A ward linkage function is used to perform the
hierarchical clustering based on the cosine distance
matrix between topic embeddings (either c-TF-IDF or the embeddings from the embedding model).
Arguments:
topic_model: A fitted BERTopic instance.
orientation: The orientation of the figure.
Either 'left' or 'bottom'
topics: A selection of topics to visualize
top_n_topics: Only select the top n most frequent topics
use_ctfidf: Whether to calculate distances between topics based on c-TF-IDF embeddings. If False, the embeddings
from the embedding model are used.
custom_labels: If bool, whether to use custom topic labels that were defined using
`topic_model.set_topic_labels`.
If `str`, it uses labels from other aspects, e.g., "Aspect1".
NOTE: Custom labels are only generated for the original
un-merged topics.
title: Title of the plot.
width: The width of the figure. Only works if orientation is set to 'left'
height: The height of the figure. Only works if orientation is set to 'bottom'
hierarchical_topics: A dataframe that contains a hierarchy of topics
represented by their parents and their children.
NOTE: The hierarchical topic names are only visualized
if both `topics` and `top_n_topics` are not set.

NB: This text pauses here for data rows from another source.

(* Let $P$ be a finite $p$-group, $\mathcal F$ a saturated fusion system (Frobenius $P$-category) over $P$, and $\mathcal F^*$ the full subcategory of $\mathcal F$ on the nonidentity subgroups of $P$. Then the function \[ k_K=\frac{-\mu(K)}{|\mathcal F^*(K,P)|},\qquad K\in\mathrm{Ob}(\mathcal F^* ), \] is a coweighting for $\mathcal F^*$, the Euler characteristic of $\mathcal F^*$ is \[ \chi(\mathcal F^* )=\sum_{[K]\in[\mathcal F^*]}\frac{-\mu(K)}{|\mathcal F^*(K)|}, \] and $\chi(\mathcal F^* )\in\mathbb Z_{(p)}$ is a $p$-local integer.
   Context: A fusion system $\mathcal F$ over a finite $p$-group $P$ is a category whose objects are the subgroups of $P$ and whose morphism sets $\mathcal F(Q,R)$ are sets of injective group homomorphisms $Q\to R$ such that: $\mathcal F(Q,R)$ contains all conjugation maps $x\mapsto g^{-1}xg$ by $g\in P$ with $g^{-1}Qg\le R$; every morphism is the composite of an $\mathcal F$-isomorphism onto its image followed by an inclusion; and inverses of $\mathcal F$-isomorphisms lie in $\mathcal F$. It is saturated (equivalently, a Frobenius $P$-category in Puig's sense) if (I) for every subgroup $Q$ that is fully normalized in $\mathcal F$ (i.e. $|N_P(Q)|\ge|N_P(Q')|$ for all $Q'$ $\mathcal F$-isomorphic to $Q$), $Q$ is fully centralized ($|C_P(Q)|\ge|C_P(Q')|$ for all such $Q'$) and $\mathrm{Aut}_P(Q)$ is a Sylow $p$-subgroup of $\mathcal F(Q,Q)$; and (II) every $\varphi\in\mathcal F(Q,P)$ with $\varphi(Q)$ fully centralized extends to a morphism in $\mathcal F(N_\varphi,P)$, where $N_\varphi=\{g\in N_P(Q):\varphi c_g\varphi^{-1}\in\mathrm{Aut}_P(\varphi(Q))\}$. $\mathcal F^*(K)=\mathcal F^*(K,K)$, and $[\mathcal F^*]$ is the set of isomorphism classes of objects of $\mathcal F^*$. $\mu(K)=\mu(1,K)$ is the Möbius function of the poset of subgroups of $K$ ($\mu(H,H)=1$, $\mu(H,K)=-\sum_{H\le L<K}\mu(H,L)$ for $H<K$). Leinster: a coweighting of a finite category $\mathcal C$ is $k_\bullet$ with $\sum_ak_a|\mathcal C(a,b)|=1$ for all $b$, a weighting is $k^\bullet$ with $\sum_b|\mathcal C(a,b)|k^b=1$ for all $a$; if both exist $\chi(\mathcal C)=\sum k_a=\sum k^b$. $\mathbb Z_{(p)}$ is the ring of rationals with denominator prime to $p$. *)

From HB Require Import structures.
From mathcomp Require Import all_boot all_order all_algebra all_fingroup all_solvable.
Set Implicit Arguments. Unset Strict Implicit. Unset Printing Implicit Defensive.
Import GRing.Theory Num.Theory.

Section FusionDefs.
Variable gT : finGroupType.
Local Open Scope group_scope.

(* Morphisms Q -> R are encoded as finite functions gT -> gT that are
   injective homomorphisms on Q, map Q into R, and are 1 outside Q. *)
Definition restrict (Q : {set gT}) (f : gT -> gT) : {ffun gT -> gT} :=
  [ffun x => if x \in Q then f x else 1].

Definition conjmap (Q : {set gT}) (g : gT) : {ffun gT -> gT} :=
  restrict Q (fun x => x ^ g).

Definition injhom (Q R : {set gT}) : {set {ffun gT -> gT}} :=
  [set f : {ffun gT -> gT} |
    [&& [forall x in Q, forall y in Q, f (x * y) == f x * f y],
        [forall x in Q, forall y in Q, (f x == f y) ==> (x == y)],
        [forall x in Q, f x \in R] &
        [forall x in ~: Q, f x == 1]]].

Definition compmap (Q : {set gT}) (f g : {ffun gT -> gT}) : {ffun gT -> gT} :=
  restrict Q (fun x => g (f x)).

Definition invmap (Q : {set gT}) (f : {ffun gT -> gT}) : {ffun gT -> gT} :=
  [ffun y => if y \in f @: Q then odflt 1 [pick x in Q | f x == y] else 1].

Definition subgp (P Q : {set gT}) : bool := group_set Q && (Q \subset P).
Lemma irr_decomp_sub Y C D : irr_decomp Y C -> irr_decomp Y D -> C \subset D.
Proof.
move=> /irr_decompP[irrC YC antiC] /irr_decompP[irrD YD _]; apply/subsetP=> Z ZC.
have algC : {in C, forall W, algebraic W} by move=> W /irrC /andP[].
have algD : {in D, forall W, algebraic W} by move=> W /irrD /andP[].
have [W WD ZW] : exists2 W, W \in D & Z \subset W.
  by apply: irreducible_sub_cover (irrC Z ZC) algD _; rewrite -YD YC bigcup_sup.
have [Z' Z'C WZ'] : exists2 Z', Z' \in C & W \subset Z'.
  by apply: irreducible_sub_cover (irrD W WD) algC _; rewrite -YC YD bigcup_sup.
have eqZZ' := antiC Z Z' ZC Z'C (subset_trans ZW WZ').
suff -> : Z = W by [].
by apply/eqP; rewrite eqEsubset ZW eqZZ'.
Qed.

Lemma IrrE Y C : irr_decomp Y C -> Irr Y = #|C|.
Proof.
move=> YC; rewrite /Irr; case: pickP => [D YD|/(_ C)]; last by rewrite YC.
suff -> : D = C by [].
by apply/eqP; rewrite eqEsubset !(irr_decomp_sub YC, irr_decomp_sub YD).
Qed.

Definition cone_maximal Y q := (q \in Y) && [forall p in Y, (q \in cone p) ==> (p \in cone q)].

Lemma cone_maximal_cover Y p :
  algebraic Y -> p \in Y -> exists2 q, cone_maximal Y q & p \in cone q.
Proof.
move=> algY pY; have Pp : (p \in Y) && (p \in cone p) by rewrite pY cone_id.
case: (@arg_maxnP _ p (fun q => (q \in Y) && (p \in cone q)) (fun q => #|cone q|) Pp).
move=> q /andP[qY pq] max_q; exists q => //.
rewrite /cone_maximal qY; apply/forall_inP=> r rY; apply/implyP=> qr.
have sub_qr := cone_sub qr.
have pr : p \in cone r := subsetP sub_qr p pq.
have -> : cone q = cone r by apply/eqP; rewrite eqEcard sub_qr; apply: max_q; rewrite rY.
exact: cone_id.
Qed.

Lemma Irr_algebraic Y : algebraic Y -> Irr Y = #|cone @: [set q | cone_maximal Y q]|.
Proof.
move=> algY; apply: IrrE; apply/irr_decompP; split.
- by move=> _ /imsetP[q _ ->]; apply: cone_irreducible.
- apply/setP=> p; apply/idP/bigcupP => [pY|[_ /imsetP[q + ->]]].
    have [q maxq pq] := cone_maximal_cover algY pY.
    by exists (cone q) => //; apply: imset_f; rewrite inE.
  by rewrite inE => /andP[qY _]; apply/subsetP/algebraic_cone_sub.
- move=> _ _ /imsetP[q1 + ->] /imsetP[q2 + ->]; rewrite !inE.
  move=> /andP[_ /forall_inP max1] /andP[q2Y _] sub12.
  have q1q2 : q1 \in cone q2 := subsetP sub12 q1 (cone_id q1).
  by apply/eqP; rewrite eqEsubset sub12 cone_sub // (implyP (max1 q2 q2Y) q1q2).
Qed.

End Cones.

Section SolutionComponents.
Variables (n L : nat) (A B : {set 'I_n}).
Implicit Types (s u : 'S_n) (p q : point n L.+1).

linkage_function: The linkage function to use. Default is:
`lambda x: sch.linkage(x, 'ward', optimal_ordering=True)`
NOTE: Make sure to use the same `linkage_function` as used
in `topic_model.hierarchical_topics`.
distance_function: The distance function to use on the c-TF-IDF matrix. Default is:
`lambda x: 1 - cosine_similarity(x)`.
You can pass any function that returns either a square matrix of
shape (n_samples, n_samples) with zeros on the diagonal and
non-negative values or condensed distance matrix of shape
(n_samples * (n_samples - 1) / 2,) containing the upper
triangular of the distance matrix.
NOTE: Make sure to use the same `distance_function` as used
in `topic_model.hierarchical_topics`.
color_threshold: Value at which the separation of clusters will be made which
will result in different colors for different clusters.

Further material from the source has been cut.